I just noticed, that my IPv6 DHCP service crashes on a regular basis. I get a dynamic IPv6 via 6to4 tunnel from my Versatel provider. Up until the update from 24.1 to 24.7 it worked with "prevent release". How can I apply the patch?
different provider but the patch gets applied in the shell (ssh for example) with the command provided by franco in his post further up.
edit: the command is "opnsense-patch 287c13beb"
after 20 minutes of running wireshark i havent seen any RA from anything other than opnsense.
so no idea whats wrong.
edit: i have set the intervals back to 200 and 600 to check if i can reproduce/fix this issue at will by changing the values. will report with findings later
setting the values back to defaults did not bring back the issue.

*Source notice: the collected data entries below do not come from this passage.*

(* Let $T$ be a session type with $\Delta\vdash T:\mathsf{s}^m$ satisfying the standing assumptions below. If $\llbracket T\rrbracket\xrightarrow{\alpha}p$ in the BPA labelled transition system over $\mathcal{E}_T$, then $p=\llbracket T'\rrbracket$ for some session type $T'$ with $T\xrightarrow{\alpha}T'$ in the session-type labelled transition system.
   Context: Session types: $T ::= \mathsf{Skip} \mid {!}B \mid {?}B \mid \oplus\{\ell:T_\ell\}_{\ell\in L} \mid \&\{\ell:T_\ell\}_{\ell\in L} \mid T;T \mid \mu a{:}\kappa.T \mid a$, with kinding: $\mathsf{Skip}:\mathsf{s}^{\mathsf{un}}$; ${!}B,{?}B:\mathsf{s}^{\mathsf{lin}}$ for message types $B$; choices $:\mathsf{s}^{\mathsf{lin}}$ when all branches are; $T;U:\mathsf{s}^{\mathsf{lin}}$ when both are; $\mu a{:}\kappa.T:\kappa$ when $T$ contractive on $a$ and $\Delta,a{:}\kappa\vdash T:\kappa$; variables by lookup in $\Delta$; subsumption. Terminated: $\mathsf{Skip}$; $T;U$ iff both terminated; $\mu a.T$ iff $T$ terminated. Contractive on $a$: $T\neq a$, for $T=U;V$, $U$ contractive on $a$ and if $U$ terminated then $V$ contractive on $a$; for $T=\mu b.T'$, $T'$ contractive on $a$. Standing assumptions: every $\mu$-bound variable occurs free in its body; bound variables are distinct. Session-type LTS: ${!}B\xrightarrow{!B}\mathsf{Skip}$, ${?}B\xrightarrow{?B}\mathsf{Skip}$, $\star\{\ell:T_\ell\}_{\ell\in L}\xrightarrow{\star k}T_k$ ($k\in L$), $b\xrightarrow{b}\mathsf{Skip}$ for a free variable $b$; $\mu a.T\xrightarrow{\alpha}T'$ if $T[\mu a.T/a]\xrightarrow{\alpha}T'$; $T;U\xrightarrow{\alpha}T';U$ if $T\xrightarrow{\alpha}T'$; $T;U\xrightarrow{\alpha}U'$ if $T$ is terminated and $U\xrightarrow{\alpha}U'$. BPA processes $p ::= \alpha \mid X \mid p+p \mid p\cdot p \mid \varepsilon$ with LTS over equations $\mathcal E$: $\alpha\xrightarrow{\alpha}\varepsilon$; $p+q\xrightarrow{\alpha}p'$ if $p\xrightarrow{\alpha}p'$ (and symmetrically for $q$); $p\cdot q\xrightarrow{\alpha}p'\cdot q$ if $p\xrightarrow{\alpha}p'\neq\varepsilon$; $p\cdot q\xrightarrow{\alpha}q$ if $p\xrightarrow{\alpha}\varepsilon$; $X\xrightarrow{\alpha}p'$ if $X\triangleq p\in\mathcal E$ and $p\xrightarrow{\alpha}p'$. Operator $\odot$: $p\odot\varepsilon=p$, $\varepsilon\odot q=q$, else $p\cdot q$. Translation (each $\mu$-subterm $\mu a_i.T_i$ of $T$ gets a distinct variable $X_i$): $\llbracket\mathsf{Skip}\rrbracket=\varepsilon$, $\llbracket\sharp B\rrbracket=\sharp B$, $\llbracket\star\{\ell:T_\ell\}\rrbracket=\sum_\ell\star\ell\odot\llbracket T_\ell\rrbracket$, $\llbracket T;U\rrbracket=\llbracket T\rrbracket\odot\llbracket U\rrbracket$, $\llbracket b\rrbracket=b$ for free $b$, $\llbracket a_i\rrbracket=\llbracket\mu a_i.T_i\rrbracket=X_i$. Unravel: $\mathrm{unr}_\sigma(T;U)=\mathrm{unr}_\sigma(U)$ if $\mathrm{unr}_\sigma(T)=\mathsf{Skip}$, else $\mathrm{unr}_\sigma(T);U$; $\mathrm{unr}_\sigma(\mu a.T)=\mathrm{unr}_{\sigma\circ[\mu a.T/a]}(T)$; $\mathrm{unr}_\sigma(T)=T$ otherwise. Equations: $\mathcal{E}_T=\{X_i\triangleq\llbracket\mathrm{unr}_{\mathrm{id}}(T_i)\rrbracket\}_i$. *)

From Stdlib Require Import List Arith.
Import ListNotations.
Set Implicit Arguments.

(* type variables (also used as BPA process variables X_a, named after the
   mu-bound type variable a they come from) *)
Definition tvar := nat.

Inductive mult := Un | Lin.
Inductive kind := KSession (m : mult).
Inductive pol := PInt | PExt.
Inductive dir := DOut | DIn.

Section Defs.
(* B : message types, L : labels *)
Variables (B L : Type).

Inductive stype : Type :=
| TSkip
| TMsg (d : dir) (b : B)
| TChoice (p : pol) (br : list (L * stype))
| TSeq (T U : stype)
| TMu (a : tvar) (k : kind) (T : stype)
| TVar (a : tvar).

(* T[U/a] (no capture can occur under the standing assumptions) *)
Fixpoint subst (a : tvar) (U : stype) (T : stype) : stype :=
  match T with
  | TSkip => TSkip
  | TMsg d b => TMsg d b
  | TChoice p br => TChoice p (map (fun '(l, t) => (l, subst a U t)) br)
  | TSeq T1 T2 => TSeq (subst a U T1) (subst a U T2)
  | TMu b k T1 => if Nat.eqb a b then TMu b k T1 else TMu b k (subst a U T1)
  | TVar b => if Nat.eqb a b then U else TVar b
  end.

Fixpoint fv (T : stype) : list tvar :=
  match T with
  | TSkip => []
  | TMsg _ _ => []
  | TChoice _ br => flat_map (fun '(_, t) => fv t) br
  | TSeq T1 T2 => fv T1 ++ fv T2
  | TMu a _ T1 => filter (fun b => negb (Nat.eqb a b)) (fv T1)
  | TVar a => [a]
  end.

Fixpoint musub (T : stype) : list (tvar * stype) :=
  match T with
  | TChoice _ br => flat_map (fun '(_, t) => musub t) br
  | TSeq T1 T2 => musub T1 ++ musub T2
  | TMu a _ T1 => (a, T1) :: musub T1
  | _ => []
  end.

Definition bv (T : stype) : list tvar := map fst (musub T).

Definition standing (T : stype) : Prop :=
  NoDup (bv T) /\
  (forall a, In a (bv T) -> ~ In a (fv T)) /\
  (forall a T1, In (a, T1) (musub T) -> In a (fv T1)).

Fixpoint terminated (T : stype) : Prop :=
  match T with
  | TSkip => True
  | TSeq T1 T2 => terminated T1 /\ terminated T2
  | TMu _ _ T1 => terminated T1
  | _ => False
  end.

Fixpoint contractive (a : tvar) (T : stype) : Prop :=
  match T with
  | TVar b => b <> a
  | TSeq U V => contractive a U /\ (terminated U -> contractive a V)
  | TMu _ _ T1 => contractive a T1
  | _ => True
  end.

Inductive subkind : kind -> kind -> Prop :=
| subk_refl k : subkind k k
| subk_un : subkind (KSession Un) (KSession Lin).

Fixpoint lookup (D : list (tvar * kind)) (a : tvar) : option kind :=
  match D with
  | [] => None
  | (b, k) :: D' => if Nat.eqb a b then Some k else lookup D' a
  end.

(* Delta |- T : kappa ; a choice {l : T_l}_{l in L} is a finite map from a
   nonempty label set, i.e. a nonempty list with distinct labels *)
Inductive has_kind : list (tvar * kind) -> stype -> kind -> Prop :=
| K_Skip D : has_kind D TSkip (KSession Un)
| K_Msg D d b : has_kind D (TMsg d b) (KSession Lin)
| K_Choice D p br :
    br <> [] -> NoDup (map fst br) ->
    (forall l t, In (l, t) br -> has_kind D t (KSession Lin)) ->
    has_kind D (TChoice p br) (KSession Lin)
| K_Seq D T U :
    has_kind D T (KSession Lin) -> has_kind D U (KSession Lin) ->
    has_kind D (TSeq T U) (KSession Lin)
| K_Mu D a k T :
    contractive a T -> has_kind ((a, k) :: D) T k -> has_kind D (TMu a k T) k
| K_Var D a k : lookup D a = Some k -> has_kind D (TVar a) k
| K_Sub D T k k' : has_kind D T k -> subkind k k' -> has_kind D T k'.

Inductive action : Type :=
| AMsg (d : dir) (b : B)
| AChoice (p : pol) (l : L)
| AVar (a : tvar).

Inductive tstep : stype -> action -> stype -> Prop :=
| S_Msg d b : tstep (TMsg d b) (AMsg d b) TSkip
| S_Choice p br l t : In (l, t) br -> tstep (TChoice p br) (AChoice p l) t
| S_Var b : tstep (TVar b) (AVar b) TSkip
| S_Mu a k T al T' :
    tstep (subst a (TMu a k T) T) al T' -> tstep (TMu a k T) al T'
| S_Seq1 T U al T' : tstep T al T' -> tstep (TSeq T U) al (TSeq T' U)
| S_Seq2 T U al U' : terminated T -> tstep U al U' -> tstep (TSeq T U) al U'.

Inductive proc : Type :=
| PAct (al : action)
| PVar (X : tvar)
| PSum (p q : proc)
| PSeq (p q : proc)
| PEps.

Definition odot (p q : proc) : proc :=
  match p, q with
  | _, PEps => p
  | PEps, _ => q
  | _, _ => PSeq p q
  end.

(* BPA LTS over a set of equations E (X =def p iff In (X, p) E) *)
Inductive pstep (E : list (tvar * proc)) : proc -> action -> proc -> Prop :=
| P_Act al : pstep E (PAct al) al PEps
| P_SumL p q al p' : pstep E p al p' -> pstep E (PSum p q) al p'
| P_SumR p q al q' : pstep E q al q' -> pstep E (PSum p q) al q'
| P_Seq1 p q al p' : pstep E p al p' -> p' <> PEps -> pstep E (PSeq p q) al (PSeq p' q)
| P_Seq2 p q al : pstep E p al PEps -> pstep E (PSeq p q) al q
| P_Var X p al p' : In (X, p) E -> pstep E p al p' -> pstep E (PVar X) al p'.

Fixpoint psum (ps : list proc) : proc :=
  match ps with
  | [] => PEps (* never used: choices are nonempty *)
  | [p] => p
  | p :: ps' => PSum p (psum ps')
  end.

(* translation [[.]], relative to the list bvs of bound variables of the
   original type: the mu-subterm mu a_i.T_i gets process variable X_{a_i} *)
Fixpoint tr (bvs : list tvar) (T : stype) : proc :=
  match T with
  | TSkip => PEps
  | TMsg d b => PAct (AMsg d b)
  | TChoice p br =>
      psum (map (fun '(l, t) => odot (PAct (AChoice p l)) (tr bvs t)) br)
  | TSeq T1 T2 => odot (tr bvs T1) (tr bvs T2)
  | TMu a _ _ => PVar a
  | TVar a => if existsb (Nat.eqb a) bvs then PVar a else PAct (AVar a)
  end.

(* unravel; sigma is a (pending) substitution, represented as a list of
   single substitutions, composition sigma o [U/a] being (a,U) :: sigma *)
Fixpoint unr (sigma : list (tvar * stype)) (T : stype) : stype :=
  match T with
  | TSeq T1 U =>
      match unr sigma T1 with
      | TSkip => unr sigma U
      | T1' => TSeq T1' U
      end
  | TMu a k T1 => unr ((a, TMu a k T1) :: sigma) T1
  | _ => T
  end.

Definition eqns (T : stype) : list (tvar * proc) :=
  map (fun '(a, Ti) => (a, tr (bv T) (unr [] Ti))) (musub T).

End Defs.

From Stdlib Require Import List Arith.
Import ListNotations.
Set Implicit Arguments.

rebooting the firewall also did not bring back the issue.
ipv6 keeps working for now.
wireshark still doesnt show any RA from anything other than opnsense.
i am at a loss here.
if anyone has any additional ideas what might be the cause of this i would be quite happy to hear them.
i will continue to monitor and we will see if the issue returns tomorrow, just like it returned today after working all afternoon/evening yesterday.
this morning the same issue is present again.
clients get ipv6 addresses, but no forwarding.
wireshark sees the RA only from opnsense again
i had to manually restart router advertisement to get the forwarding to start.
are there any specific logs i can look at to see if/how this part is misbehaving?
the general log in the gui doesnt give me anything useful.
You can look at the radvd config file (/var/etc/radvd.conf) and it its creation date and at the start times of radvd.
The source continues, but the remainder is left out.